Low nicotine helps cut smoking
Smokers who switched to special low-nicotine cigarettes wound up smoking less and were more likely to try to quit, researchers found.
The study only lasted six weeks, but researchers said it's the first large study to show that slashing nicotine, perhaps below an addiction threshold, is safe and leads to less smoking. The Food and Drug Administration was given the power in 2009 to mandate lower nicotine levels if it would help public health, but has not yet done so. Results are in the New England Journal of Medicine. The FDA and the National Institute on Drug Abuse paid for the study.
5 Americans contract q fever
Five Americans came down with an unusual illness after traveling to Germany for a treatment — not permitted in the U.S. — involving injections with fetal cells from sheep, health officials reported.
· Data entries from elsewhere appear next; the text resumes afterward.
(* Let $\vec d=(\vec a,\vec b)$ be a bidegree sequence of length $n$ with $\sum_i a_i=\sum_i b_i=n\bar c$, with the entries of $\vec a$ in non-increasing order, $m:=\min\vec d$ satisfying $1\le m\le n$, and $\max\vec d\le n$. Suppose there exist an integer $R\in[0..n]$ and a real $\lambda\ge0$ such that $\sum_{i=1}^R a_i=n\lambda$, $\sum_{i=1}^R b_i\le n\lambda$, $\lambda<m$ and $n-n\lambda/m-R\ge1$. Let $M=\max_{i\ge R}\max(a_i,b_i)$ and $k_*=m+\sqrt{m^2+n(\bar c-2m)+Rm}$; let $k=\lceil k_*\rceil$ if $m^2+n(\bar c-2m)+Rm\ge0$ and $k=1$ otherwise. If $$M\le\min\Big(\Big\lfloor\frac{n\bar c-nm-n\lambda+Rm}{k}+m\Big\rfloor,\ n\Big)$$ and either $k\le M$ or $k\le n-n\lambda/m-R$, then $\vec d$ is graphic with loops.
   Context: A bidegree sequence of length $n$ is a pair $\vec d=(\vec a,\vec b)$ with $\vec a=(a_1,\dots,a_n)\in\mathbb{N}_0^n$ and $\vec b=(b_1,\dots,b_n)\in\mathbb{N}_0^n$. It is graphic with loops if there is an $n\times n$ matrix with entries in $\{0,1\}$ whose $i$th row sum is $a_i$ and whose $i$th column sum is $b_i$ for every $i\in[1..n]$. $\max\vec d$ and $\min\vec d$ denote the maximum and minimum over all $2n$ entries $a_1,\dots,a_n,b_1,\dots,b_n$. The number $\bar c$ (the average degree) is defined by $\sum_i a_i=\sum_i b_i=n\bar c$. For integers $a\le b$, $[a..b]:=\{x\in\mathbb{Z}:a\le x\le b\}$. *)

From Stdlib Require Import Reals ZArith.
From mathcomp Require Import all_boot.

Set Implicit Arguments.
Unset Strict Implicit.
Unset Printing Implicit Defensive.

(* Vectors a, b indexed by 'I_n (paper index i in [1..n] is ordinal i-1). *)

Definition graphic_with_loops (n : nat) (a b : 'I_n -> nat) : Prop :=
  exists A : 'I_n -> 'I_n -> bool,
    (forall i : 'I_n, \sum_(j < n) nat_of_bool (A i j) = a i) /\
    (forall j : 'I_n, \sum_(i < n) nat_of_bool (A i j) = b j).

Definition dmax (n : nat) (a b : 'I_n -> nat) : nat :=
  \max_(i < n) maxn (a i) (b i).

(* min over all 2n entries (the neutral element dmax makes this the true
   minimum whenever n > 0) *)
Definition dmin (n : nat) (a b : 'I_n -> nat) : nat :=
  \big[minn/dmax a b]_(i < n) minn (a i) (b i).

From Stdlib Require Import Reals ZArith.
From mathcomp Require Import all_boot.
From Stdlib Require Import Lia Psatz.
From mathcomp Require Import zify.

(* By the Gale-Ryser theorem, in the form given by Ryser's greedy construction,
   it suffices that for every threshold t the column excess sum_j (b_j - t)_+
   is at most the row tail sum_(i >= t) a_i.  Write S = n cbar and
   N = n lambda.  For t <= m the excess is exactly S - n t, and for
   m < t <= R the first R rows are controlled by N.  For t >= M the columns
   j >= R contribute nothing.  In the remaining range R < t < M every column
   excess lies below the chord of x |-> (x - t)_+, on [0, n] for the first R
   columns and on [m, M] for the others; the resulting bound is affine in t,
   and it is compared with the tail bound (n - t) m for t >= k and with
   S - N - (t - R) M for t < k, which is exactly where the discriminant and
   the floor defining k enter. *)

Set Implicit Arguments.
Unset Strict Implicit.
Unset Printing Implicit Defensive.

Lemma sum_mem_card (T : finType) (C : {set T}) : \sum_j (j \in C : nat) = #|C|.
Proof. by rewrite -sum1_card [RHS]big_mkcond; apply: eq_bigr => j _; case: (j \in C). Qed.

Lemma exists_top_subset (T : finType) (w : T -> nat) r : r <= #|T| ->
  exists C : {set T}, #|C| = r /\ forall x y, x \in C -> y \notin C -> w y <= w x.
Proof.
elim: r => [|r IH] lt_r.
  by exists set0; split=> [|x y]; rewrite ?cards0 ?inE.
have [C [cardC topC]] := IH (ltnW lt_r).
have /card_gt0P[y0] : 0 < #|~: C| by move: (cardsC C); rewrite cardC; lia.
rewrite inE => y0C.
have [y yC ymax] := @arg_maxnP T y0 (fun y => y \notin C) w y0C.
exists (y |: C); split; first by rewrite cardsU1 yC cardC.
move=> x z; rewrite !inE negb_or => /orP[/eqP-> | xC] /andP[_ zC]; first exact: ymax.
exact: topC.
Qed.

Lemma top_subset_support (T : finType) (w : T -> nat) (C : {set T}) :
  (forall x y, x \in C -> y \notin C -> w y <= w x) ->
  #|C| <= #|[set j | 0 < w j]| -> forall x, x \in C -> 0 < w x.
Proof.
move=> topC le_C x xC; rewrite lt0n; apply/negP=> /eqP wx0.
have : [set j | 0 < w j] \subset C :\ x.
  apply/subsetP=> y; rewrite !inE => wy_gt0; apply/andP; split.
    by apply: contraTneq wy_gt0 => ->; rewrite wx0.
  by apply: contraTT wy_gt0 => yC; have := topC x y xC yC; rewrite wx0 leqn0 => /eqP->.
move/subset_leq_card; move: le_C (cardsD1 x C); rewrite xC; lia.
Qed.

(* Truncated subtraction makes [b j - t] the positive part; when the totals
   agree this is the usual [sum_(i < t) f i <= sum_j minn (b j) t]. *)
Definition gale_ryser_cond (q : nat) (f : nat -> nat) (p : nat) (b : 'I_q -> nat) :=
  forall t, t <= p -> \sum_j (b j - t) <= \sum_(t <= i < p) f i.

Section GaleRyser.

Variables (q : nat) (f : nat -> nat).
Hypothesis f_noninc : forall i j, i <= j -> f j <= f i.

Lemma gale_ryser_cond_le p (b : 'I_q -> nat) : gale_ryser_cond f p b -> forall j, b j <= p.
Proof.
move=> /(_ p (leqnn p)); rewrite big_geq // leqn0 sum_nat_eq0 => /forallP bp j.
by rewrite -subn_eq0; exact: (implyP (bp j)).
Qed.

Lemma last_row_le_support p (b : 'I_q -> nat) :
  \sum_(i < p.+1) f i = \sum_j b j -> gale_ryser_cond f p.+1 b ->
  f p <= #|[set j | 0 < b j]|.
Proof.
move=> sum_fb /(_ 1 isT) cond1.
have : \sum_j b j = \sum_j (b j - 1) + #|[set j | 0 < b j]|.
  rewrite -sum_mem_card -big_split; apply: eq_bigr => j _; rewrite inE.
  by case: (b j) => // k; rewrite ltn0Sn /= subn1 addn1.
have : \sum_(i < p.+1) f i = f 0 + \sum_(1 <= i < p.+1) f i.
  by rewrite -(big_mkord xpredT) (big_ltn (ltn0Sn p)).
have := f_noninc (leq0n p); lia.
Qed.

Section RemoveLastRow.

Variables (p : nat) (b : 'I_q -> nat) (C : {set 'I_q}).
Hypotheses (cond_b : gale_ryser_cond f p.+1 b) (cardC : #|C| = f p).
Hypothesis topC : forall x y, x \in C -> y \notin C -> b y <= b x.
Hypothesis C_support : forall x, x \in C -> 0 < b x.

Let b' j := b j - (j \in C).

Lemma sum_remove_last_row : \sum_j b j = \sum_j b' j + f p.
Proof.
rewrite -cardC -sum_mem_card -big_split; apply: eq_bigr => j _ /=.
by rewrite /b'; case: (boolP (j \in C)) => [/C_support|] /= Hj; lia.
Qed.
(* Let $\eta(y)=\sum_{k=0}^\infty M_k y^{(k)}$ be a finite order differential operator on $\mathcal{P}_c$ (i.e. $M_k\equiv 0$ for all $k>r$ for some $r\in\mathbb{N}$), let $p=(p_n)_{n\in\mathbb{N}_0}$ be a polynomial sequence and $d\in\widetilde{D}$ with $\eta p_n=d_np_n$ for all $n\in\mathbb{N}_0$. Let $d'\in\widetilde{D}$ with $d'\neq d$ and $d'_k=d_k$ for all but finitely many $k$. Then any formal differential operator $\widetilde{\eta}$ with $\widetilde{\eta}p_n=d'_np_n$ for all $n\in\mathbb{N}_0$ is of infinite order, i.e. it is not a finite order differential operator.
   Context: $\mathcal{P}_c$ is the space of polynomials in one real variable with complex coefficients. A formal differential operator is a map $\mathcal{P}_c\to\mathcal{P}_c$, $y\mapsto\sum_{k=0}^\infty M_k y^{(k)}$ (a finite sum on each polynomial), where $M_k$ are complex polynomials with $\deg M_k\le k$ and $M_0$ constant. A polynomial sequence (PS) is $p=(p_n)_{n\in\mathbb{N}_0}$ with $p_0\equiv1$ and $\deg p_n=n$. $\widetilde{D}$ is the set of non-constant sequences $(d_n)_{n\in\mathbb{N}_0}$ of non-zero complex numbers. *)

From HB Require Import structures.
From mathcomp Require Import all_boot all_order all_algebra.
From mathcomp Require Import reals.
From mathcomp.real_closed Require Import complex.
Set Implicit Arguments. Unset Strict Implicit. Unset Printing Implicit Defensive.
Import Order.TTheory GRing.Theory Num.Theory.
Local Open Scope ring_scope.

Section Defs.
Variable C : fieldType.

(* A formal differential operator is given by its coefficient sequence
   M : nat -> {poly C}, with deg M_k <= k (i.e. size (M k) <= k+1; the zero
   polynomial is allowed) and M_0 constant (automatic from deg M_0 <= 0). *)
Definition is_fdo (M : nat -> {poly C}) : Prop :=
  forall k, (size (M k) <= k.+1)%N.

(* Action y |-> sum_k M_k y^(k); the sum is finite since y^(k) = 0 for k >= size y. *)
Definition fdo_apply (M : nat -> {poly C}) (y : {poly C}) : {poly C} :=
  \sum_(k < size y) M k * y^`(k).

Definition finite_order (M : nat -> {poly C}) : Prop :=
  exists r : nat, forall k, (r < k)%N -> M k = 0.

Definition is_PS (p : nat -> {poly C}) : Prop :=
  p 0%N = 1 /\ forall n, size (p n) = n.+1.

Definition in_Dtilde (d : nat -> C) : Prop :=
  (forall n, d n != 0) /\ exists m n, d m != d n.
End Defs.

From HB Require Import structures.
From mathcomp Require Import all_boot all_order all_algebra.
From mathcomp Require Import reals.
From mathcomp.real_closed Require Import complex.
From mathcomp Require Import zify.
Set Implicit Arguments. Unset Strict Implicit. Unset Printing Implicit Defensive.
Import Order.TTheory GRing.Theory Num.Theory.
Local Open Scope ring_scope.

(* D := eta~ - eta is a finite order operator that kills p_n for all large n
   but not p_k where d'_k <> d_k.  For such an operator the coefficient of
   x^(m-s) in D x^m is Q_s(m) for a polynomial Q_s built from falling
   factorials.  If some Q_s were nonzero, then for the least such s and a large
   n with Q_s(n) <> 0 the coefficient of x^(n-s) in D p_n would be
   lead(p_n) Q_s(n) <> 0.  So every Q_s vanishes, D kills every monomial, hence
   every polynomial, a contradiction. *)

Lemma big_ord_widen_eq0 (V : nmodType) (F : nat -> V) a b : (a <= b)%N ->
  (forall k, (a <= k)%N -> F k = 0) -> \sum_(k < a) F k = \sum_(k < b) F k.
Proof.
move=> le_ab F_eq0; rewrite (big_ord_widen b F le_ab) big_mkcond /=.
by apply: eq_bigr => k _; case: ltnP => // /F_eq0.
Qed.

Section FdoAlgebra.
Variable C : fieldType.
Implicit Types (D E : nat -> {poly C}) (y : {poly C}).

Lemma fdo_apply_widen D y B : (size y <= B)%N ->
  fdo_apply D y = \sum_(k < B) D k * y^`(k).
Proof.
move=> le_yB; apply: (big_ord_widen_eq0 (F := fun k => D k * y^`(k)) le_yB) => k le_yk.
by rewrite derivn_poly0 ?mulr0 // (leq_trans le_yB).
Qed.

Lemma fdo_apply_finite D r : (forall k, (r < k)%N -> D k = 0) ->
  forall y, fdo_apply D y = \sum_(k < r.+1) D k * y^`(k).
Proof.
move=> D_eq0 y; rewrite (fdo_apply_widen D (leq_maxl _ r.+1)).
symmetry; apply: (big_ord_widen_eq0 (F := fun k => D k * y^`(k)) (leq_maxr _ _)).
by move=> k /D_eq0 ->; rewrite mul0r.
Qed.

Lemma fdo_apply_expand D y :
  fdo_apply D y = \sum_(i < size y) y`_i *: fdo_apply D 'X^i.
Proof.
rewrite {1}/fdo_apply; under eq_bigr => k _ do
  rewrite -[y in y^`(k)]coefK poly_def raddf_sum mulr_sumr.
rewrite exchange_big /=; apply: eq_bigr => i _.
rewrite (@fdo_apply_widen D _ (size y)) ?size_polyXn // scaler_sumr.
by apply: eq_bigr => k _; rewrite derivnZ scalerAr.
Qed.

Lemma is_fdoB D E : is_fdo D -> is_fdo E -> is_fdo (fun k => D k - E k).
Proof.
move=> fdoD fdoE k; apply: leq_trans (size_polyD _ _) _.
by rewrite size_polyN geq_max fdoD fdoE.
Qed.

Lemma finite_orderB D E :
  finite_order D -> finite_order E -> finite_order (fun k => D k - E k).
Proof.
move=> [r D_eq0] [s E_eq0]; exists (maxn r s) => k.
by rewrite gtn_max => /andP[/D_eq0 -> /E_eq0 ->]; rewrite subrr.
Qed.

Lemma fdo_applyB D E y :
  fdo_apply (fun k => D k - E k) y = fdo_apply D y - fdo_apply E y.
Proof. by rewrite /fdo_apply -sumrB; apply: eq_bigr => k _; rewrite mulrBl. Qed.

End FdoAlgebra.

Section TailAnnihilator.
Variable C : numFieldType.

Lemma exists_nonroot_nat_ge (q : {poly C}) L :
  q != 0 -> exists2 n, (L <= n)%N & q.[n%:R] != 0.
Proof.
move=> q_neq0; set ns := iota L (size q).
have [/hasP[n]|/hasPn all_roots] := boolP (has (fun n => q.[n%:R] != 0) ns).
  by rewrite mem_iota => /andP[le_Ln _]; exists n.
have roots : all (root q) [seq n%:R | n <- ns].
  by apply/allP => _ /mapP[n /all_roots /negbNE q_n ->].
have uniq_ns : uniq [seq n%:R : C | n <- ns].
  by rewrite map_inj_uniq ?iota_uniq // => a b /eqP; rewrite eqr_nat => /eqP.
by have := max_poly_roots q_neq0 roots uniq_ns; rewrite size_map size_iota ltnn.
Qed.

Definition ffactp (k : nat) : {poly C} := \prod_(j < k) ('X - j%:R%:P).

Lemma horner_ffactp k m : (ffactp k).[m%:R] = (m ^_ k)%:R.
Proof.
elim: k => [|k IHk]; first by rewrite /ffactp big_ord0 hornerC ffactn0.
rewrite /ffactp big_ord_recr /= hornerM -/(ffactp k) IHk hornerXsubC ffactnSr.
case: (leqP k m) => [le_km|lt_mk]; first by rewrite natrM natrB.
by rewrite ffact_small ?mul0r.
Qed.

Variables (D : nat -> {poly C}) (r : nat).
Hypothesis fdoD : is_fdo D.
Hypothesis D_eq0 : forall k, (r < k)%N -> D k = 0.

Definition subdiag_poly s : {poly C} :=
  \sum_(k < r.+1) (if (s <= k)%N then (D k)`_(k - s) else 0) *: ffactp k.

Lemma coef_fdo_apply_Xn m i : (fdo_apply D 'X^m)`_i =
  if (i <= m)%N then (subdiag_poly (m - i)).[m%:R] else 0.
Proof.
rewrite (fdo_apply_finite D_eq0) coef_sum; case: leqP => [le_im|lt_mi].
- rewrite /subdiag_poly horner_sum; apply: eq_bigr => k _.
  rewrite hornerZ horner_ffactp derivnXn mulrnAr coefMn.
  rewrite coefMXn mulr_natr; case: (leqP k m) => [le_km|lt_mk].
    by congr (_ *+ _); case: ltnP => ?; case: leqP => ? //; try lia; congr (_`_ _); lia.
  by rewrite ffact_small ?mulr0n ?mul0r.
- apply: big1 => k _; rewrite derivnXn mulrnAr coefMn coefMXn.
  case: ifP => _; first by rewrite mul0rn.
  case: (leqP k m) => [le_km|lt_mk]; last by rewrite ffact_small ?mulr0n.
  by rewrite nth_default ?mul0rn //; apply: leq_trans (fdoD k) _; lia.
Qed.

Lemma coef_fdo_apply_Xn_eq0 t : (forall s, (s < t)%N -> subdiag_poly s = 0) ->
  forall m i, (m < i + t)%N -> (fdo_apply D 'X^m)`_i = 0.
Proof.
move=> Q_eq0 m i lt_m_it; rewrite coef_fdo_apply_Xn.
by case: ifP => // le_im; rewrite Q_eq0 ?horner0 //; lia.
Qed.

Lemma coef_fdo_apply_subdiag (y : {poly C}) n s :
  (forall s', (s' < s)%N -> subdiag_poly s' = 0) ->
  size y = n.+1 -> (s <= n)%N ->
  (fdo_apply D y)`_(n - s) = y`_n * (subdiag_poly s).[n%:R].
Proof.
move=> Q_eq0 size_y le_sn; rewrite fdo_apply_expand size_y coef_sum big_ord_recr /=.
rewrite coefZ coef_fdo_apply_Xn leq_subr subKn // big1 ?add0r // => i _.
by rewrite coefZ (coef_fdo_apply_Xn_eq0 Q_eq0) ?mulr0 //; have := ltn_ord i; lia.
Qed.

Variables (p : nat -> {poly C}) (N : nat).
Hypothesis size_p : forall n, size (p n) = n.+1.
Hypothesis D_p_eq0 : forall n, (N <= n)%N -> fdo_apply D (p n) = 0.

Lemma subdiag_poly_eq0 s : subdiag_poly s = 0.
Proof.
elim/ltn_ind: s => s Q_eq0; apply/eqP; apply: contraT => Qs_neq0.
have [n] := exists_nonroot_nat_ge (maxn N s) Qs_neq0.
rewrite geq_max => /andP[le_Nn le_sn] Qsn_neq0.
have := coef_fdo_apply_subdiag Q_eq0 (size_p n) le_sn.
rewrite D_p_eq0 // coef0 => /esym/eqP; rewrite mulf_eq0 (negbTE Qsn_neq0) orbF.
have : lead_coef (p n) != 0 by rewrite lead_coef_eq0 -size_poly_eq0 size_p.
by rewrite lead_coefE size_p => /negbTE ->.
Qed.

Lemma fdo_apply_eq0_of_tail y : fdo_apply D y = 0.
Proof.
rewrite fdo_apply_expand big1 // => i _.
suff -> : fdo_apply D 'X^i = 0 by rewrite scaler0.
apply/polyP => j; rewrite coef0 (@coef_fdo_apply_Xn_eq0 i.+1) //; last lia.
by move=> s _; exact: subdiag_poly_eq0.
Qed.

End TailAnnihilator.

Theorem proposition2 (R : realType)
  (M : nat -> {poly R[i]}) (p : nat -> {poly R[i]}) (d d' : nat -> R[i]) :
  is_fdo M -> finite_order M ->
  is_PS p -> in_Dtilde d ->
  (forall n, fdo_apply M (p n) = d n *: p n) ->
  in_Dtilde d' -> (exists k, d' k != d k) ->
  (exists N : nat, forall k, (N <= k)%N -> d' k = d k) ->
  forall M' : nat -> {poly R[i]}, is_fdo M' ->
    (forall n, fdo_apply M' (p n) = d' n *: p n) ->
    ~ finite_order M'.
Proof.
move=> fdoM finM [_ size_p] _ Mp _ [k d'k_neq] [N d'_eq] M' fdoM' M'p finM'.
pose D k := M' k - M k.
have [r D_eq0] : finite_order D by exact: finite_orderB.
have Dp n : fdo_apply D (p n) = (d' n - d n) *: p n.
  by rewrite fdo_applyB Mp M'p scalerBl.
have D_tail n : (N <= n)%N -> fdo_apply D (p n) = 0.
  by move=> le_Nn; rewrite Dp d'_eq // subrr scale0r.
have := fdo_apply_eq0_of_tail (is_fdoB fdoM' fdoM) D_eq0 size_p D_tail (p k).
by rewrite Dp => /eqP; rewrite scaler_eq0 subr_eq0 (negbTE d'k_neq) -size_poly_eq0 size_p.
Qed.
Lemma part_eq x y : y \in part x -> part y = part x.
Proof.
case: (boolP (x \in digon)) => xD; first by rewrite part_digon // => yD; rewrite part_digon.
have [p [q [-> pq xp xq apq]]] := part_out xD.
have out a b c : adj a b -> adj a c -> adj b c -> a \notin digon.
  by move=> ab ac bc; apply/negP => aD; apply: digon_no_triangle aD ab ac bc.
rewrite !inE -orbA => /or3P [] /eqP ->; first by rewrite (part_triangle xD pq xp xq apq).
  have px : adj p x by rewrite adj_sym.
  by rewrite (part_triangle (out p x q px apq xq) (adj_neq xq) px apq xq) [p |: _]setUC.
have [qx qp] : adj q x /\ adj q p by rewrite !(adj_sym q).
by rewrite (part_triangle (out q x p qx qp xp) (adj_neq xp) qx qp xp) -setUA setUC.
Qed.

Lemma part_clique x y z : y \in part x -> z \in part x -> y != z -> adj y z.
Proof.
case: (boolP (x \in digon)) => xD.
  have uv : adj u v by rewrite /adj neq_uv m_uv.
  rewrite part_digon // !inE => /orP [] /eqP -> /orP [] /eqP ->; rewrite ?eqxx //.
  by rewrite adj_sym.
have [p [q [-> pq xp xq apq]]] := part_out xD.
rewrite !inE -!orbA => /or3P [] /eqP -> /or3P [] /eqP ->; rewrite ?eqxx // => _;
  by rewrite // adj_sym.
Qed.

Lemma card_part x : #|part x| = if x \in digon then 2 else 3.
Proof.
case: ifPn => [xD|xD]; first by rewrite part_digon // cards2 neq_uv.
have [p [q [-> pq xp xq _]]] := part_out xD.
by rewrite cards3 // ?(adj_neq xp) ?(adj_neq xq).
Qed.

Lemma card_nbhd_part x : #|nbhd x| = #|part x|.
Proof.
rewrite card_part; case: ifPn => [|/card_nbhd_out //].
by rewrite !inE => /orP [] /eqP ->; rewrite ?nbhd_u ?nbhd_v cards2 eq_sym ?neq_wv ?neq_w'u.
Qed.

Definition mate x := odflt x [pick z in nbhd x :\: part x].

Lemma nbhd_diff_part x : nbhd x :\: part x = [set mate x].
Proof.
have nbhd_part : nbhd x :&: part x = part x :\ x.
  apply/setP => y; rewrite in_setI in_setD1 in_nbhd.
  case: (eqVneq y x) => [->|yx]; first by rewrite /adj eqxx.
  case yx_part: (y \in part x); rewrite ?andbF //.
  by rewrite (part_clique (part_self x) yx_part) // eq_sym.
have /cards1P [c diff_c] : #|nbhd x :\: part x| == 1.
  rewrite cardsD nbhd_part card_nbhd_part (cardsD1 x (part x)) part_self.
  by rewrite add1n subSnn.
by rewrite /mate diff_c; case: pickP => [z|/(_ c)]; rewrite inE ?eqxx // => /eqP ->.
Qed.

Lemma mate_spec x z : (adj x z && (z \notin part x)) = (z == mate x).
Proof. by rewrite -in_set1 -nbhd_diff_part in_setD in_nbhd andbC. Qed.

Lemma adj_mate x : adj x (mate x).
Proof. by have := mate_spec x (mate x); rewrite eqxx => /andP []. Qed.

Lemma mate_out x : mate x \notin part x.
Proof. by have := mate_spec x (mate x); rewrite eqxx => /andP []. Qed.

Lemma adj_part_mate x z : adj x z -> z \in part x \/ z = mate x.
Proof.
move=> xz; case: (boolP (z \in part x)) => zx; [by left | right].
by apply/eqP; rewrite -mate_spec xz.
Qed.

Lemma card_part_bounds x : 1 < #|part x| <= 3.
Proof. by rewrite card_part; case: ifP. Qed.

Lemma card_parts : #|T| + 1 = 3 * #|parts part|.
Proof.
have digon_part : digon \in parts part.
  by rewrite -(part_digon (x := u)) ?imset_f // !inE eqxx.
rewrite (card_sum_parts part_self part_eq) (big_setD1 digon digon_part) /=.
rewrite (eq_bigr (fun _ => 3)); last first.
  move=> A /setD1P [AD /imsetP [x _ Ax]]; rewrite Ax card_part.
  by case: ifP => // xD; move: AD; rewrite Ax part_digon ?eqxx.
rewrite /= sum_nat_const cards2 neq_uv (cardsD1 digon (parts part)) digon_part /=; lia.
Qed.

Lemma gammaP_claw_free_cubic : 6 * gammaP m + 2 <= #|T|.
Proof.
have := twice_gammaP_le_card_parts adj_sym part_self part_eq part_clique
  adj_mate mate_out adj_part_mate card_part_bounds.
have := card_even adj_sym part_self part_eq adj_mate mate_out adj_part_mate.
have := odd_double_half #|T|; have := card_parts.
by case: (odd #|T|) => //=; lia.
Qed.

End Digon.
End ClawFreeCubic.

Theorem corollary2p7 (T : finType) (m : T -> T -> nat) (u v : T) :
  symmetric_mult m -> loopless m -> cubic m ->
  two_edge_connected m ->
  u != v -> m u v = 2 ->
  (forall x y : T, 1 < m x y -> (x == u) && (y == v) || (x == v) && (y == u)) ->
  claw_free m -> diamond_free m ->
  6 * gammaP m + 2 <= #|T|.
Proof.
move=> m_sym m_loopless m_cubic m_2ec neq_uv m_uv m_simple m_claw m_diamond.
have [w [nbhd_u neq_wv neq_wu]] := nbhd_double m_loopless m_cubic neq_uv m_uv.
have neq_vu : v != u by rewrite eq_sym.
have m_vu : m v u = 2 by rewrite m_sym.
have [w' [nbhd_v neq_w'u neq_w'v]] := nbhd_double m_loopless m_cubic neq_vu m_vu.
exact: (gammaP_claw_free_cubic m_sym m_loopless m_cubic m_2ec neq_uv m_uv m_simple
  m_claw m_diamond nbhd_u nbhd_v neq_wv neq_wu neq_w'u neq_w'v).
Qed.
The five New York residents received the "live cell therapy" in May last year. About a week later, they developed fever, fatigue and other symptoms of a dangerous bacterial illness called Q fever. Two told investigators that they were part of a group that, for the past five years, had traveled to Germany twice a year for the injections. A Canadian also came down with the illness after receiving the treatment around the same time. It's sometimes offered as an anti-aging therapy, but also has been touted for conditions ranging from impotence to liver disease. There is no published clinical proof the treatments work, officials say.
Three of the six recovered. But three others were still experiencing symptoms more than nine months later.